Qui a déclenché les attaques ? Les Américains accusent l’Iran…

Il faut rester prudent. On se rappelle les déclarations fortes mais fallacieuses des Américains au Conseil de l’Onu en 2003, justifiant leur intervention en Irak contre Saddam Hussein par la détention d’armes de destruction massive. Mais on se rappelle aussi qu’en 2000, un destroyer américain avait été victime d’un attentat dans le port d’Aden. Il y a toutefois un élément surprenant : ces attaques ont été portées sur un bateau norvégien et un bateau japonais. Or, la Norvège n’est pas précisément un pays va-t’en guerre contre l’Iran et le premier ministre japonais était précisément en visite à Téhéran au moment où l’attaque a eu lieu.

Quelle est l’importance du détroit d’Ormuz pour le marché pétrolier ?

Environ 18 millions de barils par jour, soit 20% de la consommation mondiale de pétrole et 25% du GNL (gaz naturel liquéfié) y transitent. S’il y a un blocage du détroit d’Ormuz – ce qui n’est pas encore le cas -, il y aurait une possibilité de contournement pour 10 millions de barils par jour : un oléoduc traverse l’Arabie saoudite et débouche sur la mer Rouge, mais il a été attaqué par des drones récemment. Un autre passe par les Emirats arabes unis et un autre va d’Irak en Syrie. Mais il est aussi la cible d’attaques. Par ailleurs, la capacité d’autres pays dans d’autres régions d’augmenter leur production est relativement limitée : le Venezuela, le Nigeria ou la Libye ont des problèmes politiques, les Etats-Unis produisent déjà au maximum.

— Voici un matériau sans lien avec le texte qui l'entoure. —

Lemma tight_setT x : P x -> tight x setT.
Proof. by case=> _ xE; rewrite /tight (lattice_setT D_lattice) sum_setT xE eqxx. Qed.

Lemma tight_setU_setI x A B : P x -> tight x A -> tight x B ->
  tight x (A :|: B) /\ tight x (A :&: B).
Proof.
case=> Px _ /andP[AD /eqP xA] /andP[BD /eqP xB].
have UD := lattice_setU D_lattice AD BD; have ID := lattice_setI D_lattice AD BD.
have := Px _ UD; have := Px _ ID; have := rho_submod AD BD; have := sum_setUI x A B.
by rewrite /tight UD ID xA xB => *; split; apply/eqP; lra.
Qed.

Lemma tight_convex x y z t A : P y -> P z -> 0 < t < 1 ->
  (forall e, x e = t * y e + (1 - t) * z e) -> tight x A -> tight y A /\ tight z A.
Proof.
move=> [Py _] [Pz _] /andP[t_gt0 t_lt1] xyz /andP[AD /eqP xA].
have sx : \sum_(a in A) x a = t * \sum_(a in A) y a + (1 - t) * \sum_(a in A) z a.
  by rewrite !mulr_sumr -big_split; apply: eq_bigr => a _; rewrite xyz.
have := Py _ AD; have := Pz _ AD; rewrite /tight AD -xA sx => *; split; apply/eqP; nra.
Qed.

Lemma perturb_base x d e : 0 <= e -> P x -> \sum_a d a = 0 ->
  (forall A, A \in D -> e * `|\sum_(a in A) d a| <= (rho A)%:R - \sum_(a in A) x a) ->
  P (fun a => x a + e * d a).
Proof.
move=> e_ge0 [_ xE] dE small; split=> [A AD|]; rewrite big_split /= -mulr_sumr.
  have := ler_wpM2l e_ge0 (ler_norm (\sum_(a in A) d a)); have := small A AD; lra.
by rewrite dE mulr0 addr0.
Qed.

Lemma vertex_rigid x (d : E -> R) : is_vertex P x ->
  (forall A, tight x A -> \sum_(a in A) d a = 0) -> forall a, d a = 0.
Proof.
move=> [Px x_extreme] d0.
have [e e_gt0 small] : exists2 e : R, 0 < e & forall A, A \in D ->
    e * `|\sum_(a in A) d a| <= (rho A)%:R - \sum_(a in A) x a.
  apply: uniform_step => [A AD | A AD /eqP]; first by rewrite subr_ge0 (proj1 Px).
  by rewrite subr_eq0 eq_sym => xA; apply: d0; rewrite /tight AD xA.
have dE : \sum_a d a = 0 by rewrite -sum_setT d0 ?tight_setT.
have Py := perturb_base (ltW e_gt0) Px dE small.
have Pz : P (fun a => x a + e * - d a).
  apply: perturb_base (ltW e_gt0) Px _ _ => [|A AD]; first by rewrite sumrN dE oppr0.
  by rewrite sumrN normrN small.
have half_gt0 : 0 < 2^-1 :> R by rewrite invr_gt0.
have half_lt1 : 2^-1 < 1 :> R by rewrite invf_lt1 ?ltr1n.
have yz : (fun a => x a + e * d a) = (fun a => x a + e * - d a).
  by apply: (x_extreme _ _ _ Py Pz half_gt0 half_lt1) => a; lra.
move=> a; have /= yza := congr1 (fun f => f a) yz.
have /eqP : e * d a = 0 by lra.
by rewrite mulf_eq0 gt_eqF //= => /eqP.
Qed.

Lemma tight_separates x e f : is_vertex P x -> e != f ->
  exists2 L, tight x L & (e \in L) != (f \in L).
Proof.
move=> Vx nef.
have [/existsP[L /andP[tL sepL]] | /existsPn same] :=
  boolP [exists L, tight x L && ((e \in L) != (f \in L))]; first by exists L.
pose d a : R := (a == e)%:R - (a == f)%:R.
have d0 L : tight x L -> \sum_(a in L) d a = 0.
  move=> tL; rewrite sumrB !sum_indicator.
  by have := same L; rewrite tL negbK => /eqP->; rewrite subrr.
have := vertex_rigid Vx d0 e; rewrite /d eqxx (negbTE nef) subr0 => /eqP.
by rewrite oner_eq0.
Qed.

Lemma tight_removable x C : is_vertex P x -> tight x C -> C != set0 ->
  exists2 e, e \in C & tight x (C :\ e).
Proof.
(* K is a largest tight proper subset of C; if two elements e, f of C were
   missing from K, a tight L separating them would make K :|: L :&: C larger. *)
move=> Vx tC C0; have Px := proj1 Vx.
pose below K := tight x K && (K \proper C).
have [|K /andP[tK ltKC] K_max] := @arg_maxnP _ set0 below (fun K => #|K|).
  by rewrite /below tight_set0 proper0.
have [sKC [e eC eK]] := properP ltKC.
have [CeK | neCeK] := eqVneq (C :\ e) K; first by exists e; rewrite ?CeK.
have sKCe : K \subset C :\ e.
  by apply/subsetP=> y yK; rewrite !inE (subsetP sKC) // andbT; apply: contraNneq eK => <-.
have /properP[_ [f /setD1P[nfe fC] fK]] : K \proper C :\ e by rewrite properEneq eq_sym neCeK.
have [L tL sepL] := tight_separates Vx (nfe : f != e).
have [_ tLC] := tight_setU_setI Px tL tC.
have [tK' _] := tight_setU_setI Px tK tLC.
have sK'C : K :|: L :&: C \subset C by rewrite subUset sKC subsetIr.
have [[g gK' gK] [h hC hK']] : (exists2 g, g \in K :|: L :&: C & g \notin K) /\
                               (exists2 h, h \in C & h \notin K :|: L :&: C).
  move: sepL; case fL : (f \in L); case eL : (e \in L) => // _.
    by split; [exists f | exists e]; rewrite // !inE ?fL ?eL ?fC ?orbT ?(negbTE eK).
  by split; [exists e | exists f]; rewrite // !inE ?fL ?eL ?eC ?orbT ?(negbTE fK).
have ltKK' : K \proper K :|: L :&: C by apply/properP; split; [apply: subsetUl | exists g].
have ltK'C : K :|: L :&: C \proper C by apply/properP; split=> //; exists h.
have := K_max (K :|: L :&: C); rewrite /below tK' ltK'C => /(_ isT) /=.
by rewrite leqNgt proper_card.
Qed.

Section Forward.
Hypothesis rho_local : local_chain_property D rho.

(* Unqualified, [support] would denote ssralg's [0.-support]. *)
Lemma support_tight x C : is_vertex P x -> tight x C ->
  Defs.support x :&: C \in D /\ rho (Defs.support x :&: C) = rho C.
Proof.
move=> Vx; have [n] := ubnP #|C|; elim: n C => // n IH C ltCn tC.
have [-> | C0] := eqVneq C set0; first by rewrite setI0 (lattice_set0 D_lattice).
have [e eC tG] := tight_removable Vx tC C0.
have ltGn : (#|C :\ e| < n)%N by move: ltCn; rewrite (cardsD1 e C) eC.
have [SD rS] := IH _ ltGn tG.
move: tC; rewrite -(setD1K eC); set G := C :\ e.
have eG : e \notin G by rewrite !inE eqxx.
move: tG => /andP[GD /eqP xG] /andP[CD /eqP xC]; rewrite big_setU1 //= xG in xC.
have [rC | eG_raise] := rank_setU1 rho_mono rho_unit GD CD.
  have xe0 : x e = 0 by move: xC; rewrite rC; lra.
  suff -> : Defs.support x :&: (e |: G) = Defs.support x :&: G by rewrite rC.
  apply/setP=> a; rewrite /Defs.support !inE.
  by case: (eqVneq a e) => [->|]; rewrite ?xe0 ?eqxx.
have xe1 : x e = 1 by move: xC; case: eG_raise => _ ->; rewrite -addn1 natrD; lra.
have -> : Defs.support x :&: (e |: G) = e |: (Defs.support x :&: G).
  apply/setP=> a; rewrite /Defs.support !inE.
  by case: (eqVneq a e) => [->|]; rewrite ?xe1 ?oner_eq0.
have [] := raises_rank_sub D_lattice rho_mono rho_local SD GD (subsetIr _ _) rS eG_raise.
by case: eG_raise => _ ->; rewrite rS => -> ->.
Qed.

Lemma vertex_support_in x : is_vertex P x -> Defs.support x \in D.
Proof. by move=> Vx; have [] := support_tight Vx (tight_setT (proj1 Vx)); rewrite setIT. Qed.
End Forward.

Section Greedy.
Variable s : seq E.
Hypothesis s_chain : lattice_chain D s setT.

Let s_set : [set:: s] = setT. Proof. by case: s_chain. Qed.
Let s_prefix u v : s = u ++ v -> [set:: u] \in D. Proof. by case: s_chain => _ _; apply. Qed.
Let s_split_notin u e v : s = u ++ e :: v -> e \notin u.
Proof. by case: s_chain => + _ _ => /[swap] ->; rewrite cat_uniq /= => /and3P[_ /norP[]]. Qed.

Seule la Russie pourrait augmenter sa production.

Pour l’économie mondiale, quelles pourraient être les conséquences d’une escalade ?

Il y a un risque majeur. Comment réagiraient les compagnies pétrolières et les assureurs face à un regain de tensions ? Quelles seraient les réactions de Donald Trump ou des Gardiens de la révolution ? Ce qui est inquiétant, c’est qu’en réponse à cette situation, les Etats-Unis ont augmenté la capacité de leur cinquième flotte, basée à Bahreïn. Et à partir du moment où les armes commencent à s’exprimer au Moyen-Orient, on peut craindre des dérapages. Tout cela se situe dans le contexte d’une réunion difficile des pays producteurs de l’Opep fin juin ou début juillet. Réunion difficile, car le marché pétrolier réagit à des facteurs géopolitiques mais aussi à des facteurs économiques. Or l’économie mondiale ralentit en raison du conflit commercial entre la Chine et les Etats-Unis. Cela a tendance à faire baisser les prix. Mais les éléments géopolitiques ont tendance à les faire augmenter. Il sera donc intéressant de voir l’arbitrage que l’Opep, en lien avec la Russie, réalisera dans quelques jours.